# [Saved data entries]
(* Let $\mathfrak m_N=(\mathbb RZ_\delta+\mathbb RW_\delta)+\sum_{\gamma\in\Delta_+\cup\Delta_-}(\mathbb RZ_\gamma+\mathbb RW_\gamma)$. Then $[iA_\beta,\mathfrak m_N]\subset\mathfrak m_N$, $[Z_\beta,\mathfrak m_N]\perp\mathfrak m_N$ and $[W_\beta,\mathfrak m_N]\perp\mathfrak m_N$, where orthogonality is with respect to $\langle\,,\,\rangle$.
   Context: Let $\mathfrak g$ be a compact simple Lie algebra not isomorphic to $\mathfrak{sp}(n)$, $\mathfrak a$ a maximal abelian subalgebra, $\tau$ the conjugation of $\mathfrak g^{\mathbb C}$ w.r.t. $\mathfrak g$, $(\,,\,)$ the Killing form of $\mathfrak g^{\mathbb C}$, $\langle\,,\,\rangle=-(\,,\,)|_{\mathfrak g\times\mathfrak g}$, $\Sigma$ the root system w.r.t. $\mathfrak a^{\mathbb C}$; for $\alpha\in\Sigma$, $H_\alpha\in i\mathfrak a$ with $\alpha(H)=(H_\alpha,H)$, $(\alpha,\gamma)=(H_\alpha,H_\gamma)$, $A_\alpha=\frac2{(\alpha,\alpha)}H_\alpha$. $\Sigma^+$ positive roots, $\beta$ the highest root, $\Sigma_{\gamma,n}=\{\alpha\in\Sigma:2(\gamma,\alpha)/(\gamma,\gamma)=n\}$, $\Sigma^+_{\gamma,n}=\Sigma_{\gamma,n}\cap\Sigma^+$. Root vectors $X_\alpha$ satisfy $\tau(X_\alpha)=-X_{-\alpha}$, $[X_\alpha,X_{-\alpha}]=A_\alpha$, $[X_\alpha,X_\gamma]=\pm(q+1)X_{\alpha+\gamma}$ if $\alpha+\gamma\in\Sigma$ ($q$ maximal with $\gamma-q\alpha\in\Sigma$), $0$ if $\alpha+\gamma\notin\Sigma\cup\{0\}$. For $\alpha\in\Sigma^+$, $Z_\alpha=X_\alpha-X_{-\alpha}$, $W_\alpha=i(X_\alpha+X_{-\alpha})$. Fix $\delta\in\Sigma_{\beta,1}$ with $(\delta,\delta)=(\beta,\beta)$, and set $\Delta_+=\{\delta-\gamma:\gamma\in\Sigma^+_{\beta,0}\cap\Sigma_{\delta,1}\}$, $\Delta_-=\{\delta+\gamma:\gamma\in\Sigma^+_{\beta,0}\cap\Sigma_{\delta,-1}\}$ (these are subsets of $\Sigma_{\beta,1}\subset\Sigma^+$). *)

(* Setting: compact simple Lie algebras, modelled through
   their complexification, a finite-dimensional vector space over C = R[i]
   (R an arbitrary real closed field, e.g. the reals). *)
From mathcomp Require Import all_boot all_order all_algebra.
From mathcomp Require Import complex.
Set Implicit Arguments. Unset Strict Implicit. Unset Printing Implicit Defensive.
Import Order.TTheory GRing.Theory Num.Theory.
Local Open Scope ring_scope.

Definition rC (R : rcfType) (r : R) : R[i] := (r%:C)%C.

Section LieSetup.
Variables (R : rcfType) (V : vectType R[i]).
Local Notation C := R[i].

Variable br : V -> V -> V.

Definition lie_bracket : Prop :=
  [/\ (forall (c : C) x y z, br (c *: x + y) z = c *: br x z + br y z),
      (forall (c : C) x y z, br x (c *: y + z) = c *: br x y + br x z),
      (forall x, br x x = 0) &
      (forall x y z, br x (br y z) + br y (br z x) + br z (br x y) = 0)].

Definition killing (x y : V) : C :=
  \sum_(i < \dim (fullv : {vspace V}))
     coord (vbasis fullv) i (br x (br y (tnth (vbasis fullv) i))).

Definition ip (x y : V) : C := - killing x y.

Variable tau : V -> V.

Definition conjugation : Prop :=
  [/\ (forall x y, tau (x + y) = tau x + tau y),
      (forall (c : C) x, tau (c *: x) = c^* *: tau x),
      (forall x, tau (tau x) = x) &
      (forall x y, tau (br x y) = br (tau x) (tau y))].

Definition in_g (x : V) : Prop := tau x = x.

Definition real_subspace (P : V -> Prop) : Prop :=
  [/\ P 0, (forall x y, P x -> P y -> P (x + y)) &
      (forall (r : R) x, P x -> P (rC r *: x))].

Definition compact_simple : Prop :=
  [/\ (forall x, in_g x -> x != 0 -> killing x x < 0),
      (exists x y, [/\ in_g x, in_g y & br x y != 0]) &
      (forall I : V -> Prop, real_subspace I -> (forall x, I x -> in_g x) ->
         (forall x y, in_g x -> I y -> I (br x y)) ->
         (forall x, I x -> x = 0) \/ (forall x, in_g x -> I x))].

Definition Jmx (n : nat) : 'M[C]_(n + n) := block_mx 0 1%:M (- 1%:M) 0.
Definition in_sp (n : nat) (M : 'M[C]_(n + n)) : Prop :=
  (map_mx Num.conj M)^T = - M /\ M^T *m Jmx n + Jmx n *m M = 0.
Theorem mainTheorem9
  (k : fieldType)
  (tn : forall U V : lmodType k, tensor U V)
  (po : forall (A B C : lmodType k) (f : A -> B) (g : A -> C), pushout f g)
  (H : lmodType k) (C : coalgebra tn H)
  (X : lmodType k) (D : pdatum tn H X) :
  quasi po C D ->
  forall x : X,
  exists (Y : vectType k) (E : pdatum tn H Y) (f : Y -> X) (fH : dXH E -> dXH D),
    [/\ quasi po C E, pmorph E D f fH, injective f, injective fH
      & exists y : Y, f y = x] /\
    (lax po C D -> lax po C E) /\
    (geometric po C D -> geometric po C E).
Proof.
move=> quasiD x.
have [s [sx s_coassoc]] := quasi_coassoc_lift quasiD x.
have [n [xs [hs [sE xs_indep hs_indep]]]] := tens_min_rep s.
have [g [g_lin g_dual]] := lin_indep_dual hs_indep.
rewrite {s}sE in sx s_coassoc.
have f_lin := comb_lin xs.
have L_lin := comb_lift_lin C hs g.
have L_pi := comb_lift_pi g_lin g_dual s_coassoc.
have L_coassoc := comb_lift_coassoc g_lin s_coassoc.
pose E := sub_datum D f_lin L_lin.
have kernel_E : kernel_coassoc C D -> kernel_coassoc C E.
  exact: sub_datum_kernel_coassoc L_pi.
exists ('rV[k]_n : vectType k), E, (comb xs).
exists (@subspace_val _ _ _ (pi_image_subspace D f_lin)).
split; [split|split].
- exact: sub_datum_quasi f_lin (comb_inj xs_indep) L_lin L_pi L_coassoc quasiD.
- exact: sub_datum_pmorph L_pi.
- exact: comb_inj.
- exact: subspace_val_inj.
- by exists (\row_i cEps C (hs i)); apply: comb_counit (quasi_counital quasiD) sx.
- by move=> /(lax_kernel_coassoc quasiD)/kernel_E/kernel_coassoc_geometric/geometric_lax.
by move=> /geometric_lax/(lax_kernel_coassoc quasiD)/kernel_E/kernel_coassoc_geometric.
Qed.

# [About this exercise]
Please give again the lines above between the line holding "(* Setting: compact" and the line holding "Set Implicit Arguments.", inclusive, exactly as they are and with nothing added.

# [Response]
(* Setting: compact simple Lie algebras, modelled through
   their complexification, a finite-dimensional vector space over C = R[i]
   (R an arbitrary real closed field, e.g. the reals). *)
From mathcomp Require Import all_boot all_order all_algebra.
From mathcomp Require Import complex.
Set Implicit Arguments. Unset Strict Implicit. Unset Printing Implicit Defensive.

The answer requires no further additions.